**About this task**
Only the lines holding "linmap" are wanted. Copy every one from the records below.

'''

(* Let $n\ge 1$ and let $\mathcal{L}$ be a fully dissipative $n$-qubit Lindbladian all of whose jump operators are $n$-qubit Pauli operators, i.e. $$\mathcal{L}(\rho)=\sum_{j}\gamma_j\Big(P_j\rho P_j^{\dagger}-\tfrac12\{P_j^{\dagger}P_j,\rho\}\Big)=\sum_j\gamma_j\big(P_j\rho P_j-\rho\big),$$ where each $P_j$ is a tensor product of single-qubit operators from $\{I,X,Y,Z\}$ and $\gamma_j\ge 0$. Then $\mathcal{L}$ is quantum programmable.
   Context: A Lindbladian on a finite-dimensional Hilbert space $\mathcal{H}_S$ is a superoperator of GKSL form $\mathcal{L}(\rho)=-i[H,\rho]+\sum_j\gamma_j(L_j\rho L_j^\dagger-\frac12\{L_j^\dagger L_j,\rho\})$ with $H$ Hermitian and $\gamma_j\ge 0$; ''fully dissipative'' means $H=0$. It generates the quantum dynamical semigroup $(e^{t\mathcal{L}})_{t\ge0}$ of CPTP maps. Given a class $\Omega$ of linear maps from operators on $\mathcal{H}_S\otimes\mathcal{H}_P$ to operators on $\mathcal{H}_S$ (with $\mathcal{H}_P$ a finite-dimensional program space), $\mathcal{L}$ is (exactly) $\Omega$-programmable if there exist a map $\mathcal{P}\in\Omega$ and a continuous one-parameter family of density operators $(\pi_t)_{t\ge0}$ on $\mathcal{H}_P$ such that $\mathcal{P}(\rho\otimes\pi_t)=e^{t\mathcal{L}}(\rho)$ for all $t\ge0$ and all $\rho$ (equivalently, the maps $\mathcal{P}(\cdot\otimes\pi_t)$ and $e^{t\mathcal{L}}$ coincide). $\mathcal{L}$ is quantum programmable if this holds with $\Omega$ the set of completely positive trace-preserving (CPTP) maps. *)

From HB Require Import structures.
From mathcomp Require Import all_boot all_order all_algebra.
From mathcomp Require Import all_classical all_reals all_analysis.
From mathcomp Require Import complex mxtens.
Set Implicit Arguments. Unset Strict Implicit. Unset Printing Implicit Defensive.
Import Order.TTheory GRing.Theory Num.Theory.
Import numFieldNormedType.Exports.
Local Open Scope ring_scope.
Local Open Scope classical_set_scope.

Section QDefs.
Variable R : realType.
Local Notation C := (R[i]).

Definition adjmx {m n} (A : 'M[C]_(m, n)) : 'M[C]_(n, m) :=
  \matrix_(i, j) Num.conj (A j i).

Definition psd {d} (A : 'M[C]_d) : Prop :=
  forall v : 'cV[C]_d, 0 <= ((adjmx v) *m A *m v) 0 0.

Definition density {d} (A : 'M[C]_d) : Prop := psd A /\ \tr A = 1.

Definition linmap {a b} (Phi : 'M[C]_a -> 'M[C]_b) : Prop :=
  forall (c : C) X Y, Phi (c *: X + Y) = c *: Phi X + Phi Y.

(* block (p,q) of a (k*a)x(k*a) matrix, for the tensor decomposition C^k (x) C^a *)
Definition blockmx {k a} (p q : 'I_k) (X : 'M[C]_(k * a)) : 'M[C]_a :=
  \matrix_(r, s) X (mxtens_index (p, r)) (mxtens_index (q, s)).

(* (id_k (x) Phi) applied to X *)
Definition ampl {a b} (k : nat) (Phi : 'M[C]_a -> 'M[C]_b) (X : 'M[C]_(k * a))
  : 'M[C]_(k * b) :=
  \sum_(p < k) \sum_(q < k) (delta_mx p q *t Phi (blockmx p q X)).

Definition completely_positive {a b} (Phi : 'M[C]_a -> 'M[C]_b) : Prop :=
  forall (k : nat) (X : 'M[C]_(k * a)), psd X -> psd (@ampl a b k Phi X).

Definition trace_preserving {a b} (Phi : 'M[C]_a -> 'M[C]_b) : Prop :=
  forall X, \tr (Phi X) = \tr X.

Definition CPTP {a b} (Phi : 'M[C]_a -> 'M[C]_b) : Prop :=
  linmap Phi /\ completely_positive Phi /\ trace_preserving Phi.

(* single-qubit Paulis: 0 = I, 1 = X, 2 = Y, 3 = Z *)
Definition pauli1 (c : 'I_4) : 'M[C]_2 :=
  \matrix_(i < 2, j < 2)
    match val c with
    | 0 => if i == j then 1 else 0
    | 1 => if i == j then 0 else 1
    | 2 => if i == j then 0 else
             (if val i == 0 then - 'i else 'i)
    | _ => if i == j then (if val i == 0 then 1 else -1) else 0
    end.

Definition qbit n (i : 'I_(2 ^ n)) (k : nat) : 'I_2 :=
  @Ordinal 2 ((i %/ 2 ^ k) %% 2) (@ltn_pmod _ 2 (erefl true)).

(* n-qubit Pauli operator sigma_{s 0} (x) ... (x) sigma_{s (n-1)}, entrywise *)
Definition pauli n (s : 'I_n -> 'I_4) : 'M[C]_(2 ^ n) :=
  \matrix_(i, j) \prod_(k < n) pauli1 (s k) (qbit i k) (qbit j k).

Definition lindbladian {d m} (gamma : 'I_m -> R) (Ls : 'I_m -> 'M[C]_d)
  (rho : 'M[C]_d) : 'M[C]_d :=
  \sum_(j < m) ((gamma j)%:C)%C *:
     (Ls j *m rho *m adjmx (Ls j)
      - (2%:R)^-1 *: (adjmx (Ls j) *m Ls j *m rho + rho *m (adjmx (Ls j) *m Ls j))).

Definition cvgC (u : nat -> C) (l : C) : Prop :=
  (fun N : nat => (complex.Re (u N) : R)) @ \oo --> (complex.Re l : R) /\
  (fun N : nat => (complex.Im (u N) : R)) @ \oo --> (complex.Im l : R).

Definition is_expL {d} (L : 'M[C]_d -> 'M[C]_d) (t : R) (rho sigma : 'M[C]_d)
  : Prop :=
  forall i j, cvgC (fun N => \sum_(k < N) (((t ^+ k / (k`!)%:R)%:C)%C * (iter k L rho) i j))
                   (sigma i j).

Definition continuousC_on (A : set R) (f : R -> C) : Prop :=
  {within A, continuous (fun t => complex.Re (f t))} /\
  {within A, continuous (fun t => complex.Im (f t))}.

Definition quantum_programmable {d} (L : 'M[C]_d -> 'M[C]_d) : Prop :=
  exists (dP : nat) (Phi : 'M[C]_(d * dP) -> 'M[C]_d) (pi : R -> 'M[C]_dP),
    CPTP Phi /\
    (forall t, 0 <= t -> density (pi t)) /\
    (forall a b, continuousC_on [set t | 0 <= t] (fun t => pi t a b)) /\
    (forall t, 0 <= t -> forall rho : 'M[C]_d, is_expL L t rho (Phi (rho *t pi t))).

End QDefs.

From HB Require Import structures.
From mathcomp Require Import all_boot all_order all_algebra.
From mathcomp Require Import all_classical all_reals all_analysis.
From mathcomp Require Import complex mxtens ring.
Import Order.TTheory GRing.Theory Num.Theory.
Import numFieldNormedType.Exports.
Set Implicit Arguments. Unset Strict Implicit. Unset Printing Implicit Defensive.
Local Open Scope ring_scope.
Local Open Scope classical_set_scope.

(* Pauli operators are Hermitian involutions that pairwise commute up to a sign, so the
   maps Ad P_j : X |-> P_j X P_j are commuting involutions and
   L = sum_j gamma_j (Ad P_j - id) is diagonalised by the characters of the group
   (Z/2)^m that they generate: on the Fourier mode indexed by a set T of jumps, L acts as
   the scalar -2 sum_(j in T) gamma_j.  Summing the exponential series mode by mode gives
   e^(tL) = sum_S q_S(t) Ad U_S with U_S = prod_(j in S) P_j, where
   q_S(t) = prod_(j in S) (1 - e^(-2 t gamma_j))/2 * prod_(j notin S) (1 + e^(-2 t gamma_j))/2
   is a probability distribution depending continuously on t.  So e^(tL) is executed by the
   program state pi_t = diag (q_S(t))_S and the fixed controlled-unitary channel
   rho (x) |S><S| |-> U_S rho U_S^*. *)

Section Adjoint.
Variable R : realType.
Local Notation C := (R[i]).

Lemma adjmxK m n (A : 'M[C]_(m, n)) : adjmx (adjmx A) = A.
Proof. by apply/matrixP => i j; rewrite !mxE conjCK. Qed.

Lemma adjmxM m n p (A : 'M[C]_(m, n)) (B : 'M[C]_(n, p)) :
  adjmx (A *m B) = adjmx B *m adjmx A.
Proof.
apply/matrixP => i j; rewrite !mxE rmorph_sum; apply: eq_bigr => k _.
by rewrite !mxE rmorphM mulrC.
Qed.

Lemma adjmxZ m n c (A : 'M[C]_(m, n)) : adjmx (c *: A) = c^* *: adjmx A.
Proof. by apply/matrixP => i j; rewrite !mxE rmorphM. Qed.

'''

**Solved problem**
Definition linmap {a b} (Phi : 'M[C]_a -> 'M[C]_b) : Prop :=
  linmap Phi /\ completely_positive Phi /\ trace_preserving Phi.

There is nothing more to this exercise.